• PROBLEM DETAILS: Each line of the entries that mentions the string "Hrow" needs to be reported.

Stored data entries:
(* Let $-1\le\alpha\le1$ and $C=1-\log 2$. For every $N\ge1$ and every set $\omega\subset\mathbb{R}\times(-\pi,\pi]$ with $|\omega|=N$, $$\sum_{\substack{z,z'\in\omega\\ z\ne z'}}W_\alpha(z-z')\ \ge\ -N(\log N+C).$$
   Context: For $-1\le\alpha\le1$ and $(x,y)\in\mathbb{R}^2$ with $\cosh x-\cos y>0$, define $$W_\alpha(x,y)=\frac12\left[\frac{\alpha\,x\sinh x}{\cosh x-\cos y}-\log\big(2(\cosh x-\cos y)\big)+(1-\alpha)|x|\right].$$ For distinct $z,z'\in\mathbb{R}\times(-\pi,\pi]$ the difference $z-z'$ lies in the domain of $W_\alpha$. *)

From Stdlib Require Import Reals List.
Import ListNotations.
Open Scope R_scope.

Definition W (alpha x y : R) : R :=
  / 2 * (alpha * x * sinh x / (cosh x - cos y)
         - ln (2 * (cosh x - cos y))
         + (1 - alpha) * Rabs x).

Definition Wpt (alpha : R) (z z' : R * R) : R :=
  W alpha (fst z - fst z') (snd z - snd z').

Definition in_strip (z : R * R) : Prop := - PI < snd z /\ snd z <= PI.

Definition pair_sum (alpha : R) (w : list (R * R)) : R :=
  fold_right Rplus 0
    (map (fun z => fold_right Rplus 0
       (map (fun z' => Wpt alpha z z')
          (filter (fun z' => if Req_EM_T (fst z) (fst z') then
                                if Req_EM_T (snd z) (snd z') then false else true
                              else true) w))) w).

(* Write r = e^{-|x|}, c = cos y and w = r e^{iy}. Then W_alpha(x, y) is the
   value at s = 1 of
     h(s) = Re (- log (1 - s w) + alpha |x| s w / (1 - s w))
          = sum_k s^k r^k (1/k + alpha |x|) cos (k y),
   whose s-derivative has coefficients s^(k-1) r^k (1 + alpha |x| k) cos (k y).
   Summed over all pairs of points, each coefficient is a nonnegative quadratic
   form, because u |-> (1 + alpha u) e^{-u} is a positive definite kernel on the
   line for |alpha| <= 1 (proved by sweeping the points from left to right with
   a Lyapunov function of the first two exponential moments).  Hence the sum of
   h(s) over all pairs, diagonal included, is nonnegative for 0 <= s < 1, and
   each diagonal term equals - ln (1 - s).  On the other hand
   h(1) >= h(s) + ln ((1 + s) / 2) for each pair of distinct points, an
   explicit polynomial inequality.  So the energy is at least
   N ln (1 - s) + N (N - 1) ln ((1 + s) / 2), and s = 1 - 2/N gives the bound. *)

From Coquelicot Require Import Coquelicot.
From Stdlib Require Import Reals Lra Lia Psatz List Permutation Arith.
Open Scope R_scope.

Section ListSum.
Context {A : Type}.

Definition lsum (f : A -> R) (l : list A) : R :=
  fold_right (fun a acc => f a + acc) 0 l.

Lemma lsum_cons f a l : lsum f (a :: l) = f a + lsum f l.
Proof. reflexivity. Qed.

Lemma fold_right_Rplus_map f l : fold_right Rplus 0 (map f l) = lsum f l.
Proof. induction l as [|a l IH]; simpl; rewrite ?IH; reflexivity. Qed.

Lemma lsum_perm f l l' : Permutation l l' -> lsum f l = lsum f l'.
Proof. induction 1; simpl; lra. Qed.

Lemma lsum_ext f g l : (forall a, In a l -> f a = g a) -> lsum f l = lsum g l.
Proof.
  induction l as [|a l IH]; intros H; simpl; auto.
  rewrite H, IH; auto with datatypes.
Qed.

Lemma lsum_le f g l : (forall a, In a l -> f a <= g a) -> lsum f l <= lsum g l.
Proof.
  induction l as [|a l IH]; intros H; simpl; [lra|].
  apply Rplus_le_compat; auto with datatypes.
Qed.

Lemma lsum_nonneg f l : (forall a, In a l -> 0 <= f a) -> 0 <= lsum f l.
Proof.
  induction l as [|a l IH]; intros H; simpl; [lra|].
  apply Rplus_le_le_0_compat; auto with datatypes.
Qed.

Lemma lsum_plus f g l : lsum (fun a => f a + g a) l = lsum f l + lsum g l.
Proof. induction l; unfold lsum in *; simpl; lra. Qed.

Lemma lsum_minus f g l : lsum (fun a => f a - g a) l = lsum f l - lsum g l.
Proof. induction l; unfold lsum in *; simpl; lra. Qed.

Lemma lsum_scal k f l : lsum (fun a => k * f a) l = k * lsum f l.
Proof. induction l; unfold lsum in *; simpl; lra. Qed.

Lemma lsum_const k l : lsum (fun _ => k) l = INR (length l) * k.
Proof. induction l; unfold lsum in *; simpl length; rewrite ?S_INR; simpl; lra. Qed.

End ListSum.

Lemma le_of_is_derive_nonneg f f' a b : a <= b ->
  (forall x, a <= x <= b -> is_derive f x (f' x)) ->
  (forall x, a <= x <= b -> 0 <= f' x) -> f a <= f b.
Proof.
  intros Hab Hd Hpos.
  destruct (MVT_gen f a b f') as [x [Hx Heq]].
  - intros x Hx. apply Hd. rewrite Rmin_left, Rmax_right in Hx; lra.
  - intros x Hx. rewrite Rmin_left, Rmax_right in Hx by lra.
    apply derivable_continuous_pt, ex_derive_Reals_0. eexists. apply Hd; exact Hx.
  - rewrite Rmin_left, Rmax_right in Hx by lra.
    assert (0 <= f' x * (b - a)) by (apply Rmult_le_pos; [apply Hpos|]; lra).
    lra.
Qed.

Definition lyap (al S T : R) := S ^ 2 + 2 * al * S * T + 2 * Rabs al * T ^ 2.

Lemma lyap_nonneg al S T : -1 <= al <= 1 -> 0 <= lyap al S T.
Proof.
  intros Hal. unfold lyap.
  assert (al ^ 2 <= Rabs al) by (unfold Rabs; destruct Rcase_abs; nra).
  pose proof (Rabs_pos al).
  assert (0 <= (S + al * T) ^ 2) by apply pow2_ge_0.
  assert (0 <= (2 * Rabs al - al ^ 2) * T ^ 2) by (apply Rmult_le_pos; [lra|apply pow2_ge_0]).
  nra.
Qed.

(* The flow (S, T) -> (e^{-d} S, e^{-d} (T + d S)) is how the two moments of a
   configuration evolve when the observation point moves right by d. *)
Lemma lyap_flow_le al S T d : -1 <= al <= 1 -> 0 <= d ->
  lyap al (exp (- d) * S) (exp (- d) * (T + d * S)) <= lyap al S T.
Proof.
  intros Hal Hd.
  set (phi u := exp (- (2 * u)) * (S ^ 2 + 2 * al * S * (T + u * S) + 2 * Rabs al * (T + u * S) ^ 2)).
  assert (E1 : lyap al (exp (- d) * S) (exp (- d) * (T + d * S)) = phi d).
  { unfold phi, lyap. replace (- (2 * d)) with (- d + - d) by ring. rewrite exp_plus. ring. }
  assert (E0 : lyap al S T = phi 0).
  { unfold phi, lyap. rewrite Rmult_0_r, Ropp_0, exp_0. ring. }
  rewrite E1, E0.
  set (q u := (2 - 2 * al) * S ^ 2 + (4 * al - 4 * Rabs al) * S * (T + u * S) + 4 * Rabs al * (T + u * S) ^ 2).
  enough (- phi 0 <= - phi d) by lra.
  apply (le_of_is_derive_nonneg (fun u => - phi u) (fun u => exp (- (2 * u)) * q u)); auto.
  - intros x _. unfold phi, q. auto_derive; auto. ring.
  - intros x _. apply Rmult_le_pos; [apply Rlt_le, exp_pos|]. unfold q.
    set (U := T + x * S).
    assert (0 <= (U - S) ^ 2) by apply pow2_ge_0.
    assert (0 <= S ^ 2) by apply pow2_ge_0.
    assert (0 <= U ^ 2) by apply pow2_ge_0.
    unfold Rabs; destruct Rcase_abs; [|nra].
    replace ((2 - 2 * al) * S ^ 2 + (4 * al - 4 * - al) * S * U + 4 * - al * U ^ 2)
      with ((2 + 2 * al) * S ^ 2 - 4 * al * (U - S) ^ 2) by ring.
    nra.
Qed.

Definition kern (al u : R) := (1 + al * u) * exp (- u).

(* Positive definiteness of [u |-> kern al (|u|)] on the line: for weights [c]
   at positions [t], the quadratic form is bounded below by [lyap] of the
   moments [mass] and [moment] seen from any point right of all positions. *)
Section KernelForm.
Context {A : Type} (t c : A -> R) (al : R).
Hypothesis Hal : -1 <= al <= 1.

Definition kform (L : list A) :=
  lsum (fun a => lsum (fun b => c a * c b * kern al (Rabs (t a - t b))) L) L.
Definition mass (L : list A) tau := lsum (fun a => c a * exp (- (tau - t a))) L.
Definition moment (L : list A) tau :=
  lsum (fun a => c a * (tau - t a) * exp (- (tau - t a))) L.

Lemma kform_perm L L' : Permutation L L' -> kform L = kform L'.
Proof.
  intros P. unfold kform. rewrite (lsum_perm _ _ _ P).
  apply lsum_ext. intros a _. apply lsum_perm, P.
Qed.

Lemma kform_cons m L : kform (m :: L) =
  c m ^ 2 + 2 * c m * lsum (fun b => c b * kern al (Rabs (t m - t b))) L + kform L.
Proof.
  unfold kform. rewrite !lsum_cons.
  set (X := lsum (fun b => c b * kern al (Rabs (t m - t b))) L).
  set (Q := lsum (fun a => lsum (fun b => c a * c b * kern al (Rabs (t a - t b))) L) L).
  assert (Hrow : lsum (fun b => c m * c b * kern al (Rabs (t m - t b))) L = c m * X)
    by (unfold X; rewrite <- lsum_scal; apply lsum_ext; intros; ring).
  assert (Hcol : lsum (fun a => lsum (fun b => c a * c b * kern al (Rabs (t a - t b))) (m :: L)) L
                 = c m * X + Q).
  { unfold X, Q. rewrite <- lsum_scal, <- lsum_plus. apply lsum_ext. intros a _.
    rewrite lsum_cons, Rabs_minus_sym. ring. }
  rewrite Hrow, Hcol. unfold kern. rewrite Rminus_diag, Rabs_R0, Ropp_0, exp_0. ring.
Qed.

Lemma mass_shift L tau d : mass L (tau + d) = exp (- d) * mass L tau.
Proof.
  unfold mass. rewrite <- lsum_scal. apply lsum_ext. intros a _.
  replace (- (tau + d - t a)) with (- d + - (tau - t a)) by ring. rewrite exp_plus. ring.
Qed.

Lemma moment_shift L tau d :
  moment L (tau + d) = exp (- d) * (moment L tau + d * mass L tau).
Proof.
  unfold moment, mass. rewrite <- lsum_scal, <- lsum_plus, <- lsum_scal.
  apply lsum_ext. intros a _.
  replace (- (tau + d - t a)) with (- d + - (tau - t a)) by ring. rewrite exp_plus. ring.
Qed.

Lemma perm_max (L : list A) : L <> nil ->
  exists m rest, Permutation L (m :: rest) /\ forall r, In r rest -> t r <= t m.
Proof.
  induction L as [|a L IH]; intros H; [congruence|].
  destruct L as [|b L'].
  - exists a, nil. split; [auto|]. intros r [].
  - destruct IH as [m [rest [P Hm]]]; [discriminate|].
    destruct (Rle_dec (t a) (t m)) as [Hle|Hle].
    + exists m, (a :: rest). split.
      * eapply perm_trans; [apply perm_skip, P|apply perm_swap].
      * intros r [<-|Hr]; auto.
    + exists a, (b :: L'). split; [auto|].
      intros r Hr. apply (Permutation_in r P) in Hr.
      destruct Hr as [<-|Hr]; [lra|]. specialize (Hm r Hr). lra.
Qed.

Lemma kform_ge_lyap n : forall L, length L = n -> forall tau, (forall a, In a L -> t a <= tau) ->
  lyap al (mass L tau) (moment L tau) <= kform L.
Proof.
  induction n as [n IH] using lt_wf_ind. intros L HL tau Htau.
  destruct L as [|a0 L0]; [unfold lyap, mass, moment, kform; simpl; lra|].
  destruct (perm_max (a0 :: L0)) as [m [rest [P Hm]]]; [discriminate|].
  unfold mass, moment. rewrite (kform_perm _ _ P), !(lsum_perm _ _ _ P).
  fold (mass (m :: rest) tau) (moment (m :: rest) tau).
  assert (Hlen : (length rest < n)%nat)
    by (pose proof (Permutation_length P) as PL; simpl in PL, HL; lia).
  assert (Hmt : t m <= tau) by (apply Htau, (Permutation_in _ (Permutation_sym P)); left; auto).
  specialize (IH _ Hlen rest eq_refl (t m) Hm).
  assert (Hcross : lsum (fun b => c b * kern al (Rabs (t m - t b))) rest =
                   mass rest (t m) + al * moment rest (t m)).
  { unfold mass, moment. rewrite <- lsum_scal, <- lsum_plus. apply lsum_ext. intros b Hb.
    specialize (Hm b Hb). rewrite Rabs_right by lra. unfold kern. ring. }
  assert (Hmass : mass (m :: rest) (t m) = c m + mass rest (t m))
    by (unfold mass; rewrite lsum_cons, Rminus_diag, Ropp_0, exp_0; ring).
  assert (Hmoment : moment (m :: rest) (t m) = moment rest (t m))
    by (unfold moment; rewrite lsum_cons, Rminus_diag; ring).
  rewrite kform_cons, Hcross.
  replace tau with (t m + (tau - t m)) by ring.
  rewrite mass_shift, moment_shift, Hmass, Hmoment.
  eapply Rle_trans; [apply lyap_flow_le; auto; lra|].
  unfold lyap in *. nra.
Qed.

Lemma kform_nonneg L : 0 <= kform L.
Proof.
  set (tau := lsum (fun a => Rabs (t a)) L).
  assert (Htau : forall a, In a L -> t a <= tau).
  { intros a Ha. unfold tau. clear tau. induction L as [|b L IH]; [destruct Ha|].
    rewrite lsum_cons.
    assert (0 <= lsum (fun a => Rabs (t a)) L) by (apply lsum_nonneg; intros; apply Rabs_pos).
    destruct Ha as [<-|Ha].
    - pose proof (Rle_abs (t b)). lra.
    - specialize (IH Ha). pose proof (Rabs_pos (t b)). lra. }
  eapply Rle_trans; [apply (lyap_nonneg al (mass L tau) (moment L tau) Hal)|].
  exact (kform_ge_lyap _ L eq_refl tau Htau).
Qed.

End KernelForm.

(* For w = r e^{iy}: den s r (cos y) = |1 - s w|^2,
   hval A s r (cos y) = Re (- log (1 - s w) + A s w / (1 - s w)),
   and hder is its derivative in s, Re (w / (1 - s w) + A w / (1 - s w)^2). *)
Definition den (s r c : R) := 1 - 2 * s * r * c + s ^ 2 * r ^ 2.
Definition hval (A s r c : R) :=
  - / 2 * ln (den s r c) + A * (s * r * c - s ^ 2 * r ^ 2) / den s r c.
Definition hder (A s r c : R) :=
  (r * c - s * r ^ 2) / den s r c
  + A * (r * c * (1 + s ^ 2 * r ^ 2) - 2 * s * r ^ 2) / den s r c ^ 2.

Lemma den_pos s r c : 0 <= s * r -> c <= 1 -> (s * r <> 1 \/ c < 1) -> 0 < den s r c.
Proof.
  intros Hsr Hc H. unfold den.
  replace (1 - 2 * s * r * c + s ^ 2 * r ^ 2) with ((1 - s * r) ^ 2 + 2 * (s * r) * (1 - c))
    by ring.
  assert (0 <= 2 * (s * r) * (1 - c)) by (apply Rmult_le_pos; lra).
  destruct H as [H|H].
  - assert (0 < (1 - s * r) ^ 2).
    { rewrite <- Rsqr_pow2. apply Rsqr_pos_lt. lra. }
    lra.
  - assert (0 <= (1 - s * r) ^ 2) by apply pow2_ge_0.
    destruct (Req_dec (s * r) 0) as [E|E].
    + rewrite E. lra.
    + assert (0 < 2 * (s * r) * (1 - c)) by (apply Rmult_lt_0_compat; lra).
      lra.
Qed.

Lemma is_derive_hval A s r c :
  0 < den s r c -> is_derive (fun s => hval A s r c) s (hder A s r c).
Proof.
  intros HD. unfold hval, hder, den in *. auto_derive.
  - repeat split; lra.
  - field. lra.
Qed.

Fixpoint sum1 (f : nat -> R) (n : nat) : R :=
  match n with O => 0 | S m => sum1 f m + f (S m) end.
Fixpoint Csum1 (f : nat -> Complex.C) (n : nat) : Complex.C :=
  match n with O => RtoC 0 | S m => Cplus (Csum1 f m) (f (S m)) end.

• EXPECTED OUTPUT:
  assert (Hrow : lsum (fun b => c m * c b * kern al (Rabs (t m - t b))) L = c m * X)
  rewrite Hrow, Hcol. unfold kern. rewrite Rminus_diag, Rabs_R0, Ropp_0, exp_0. ring.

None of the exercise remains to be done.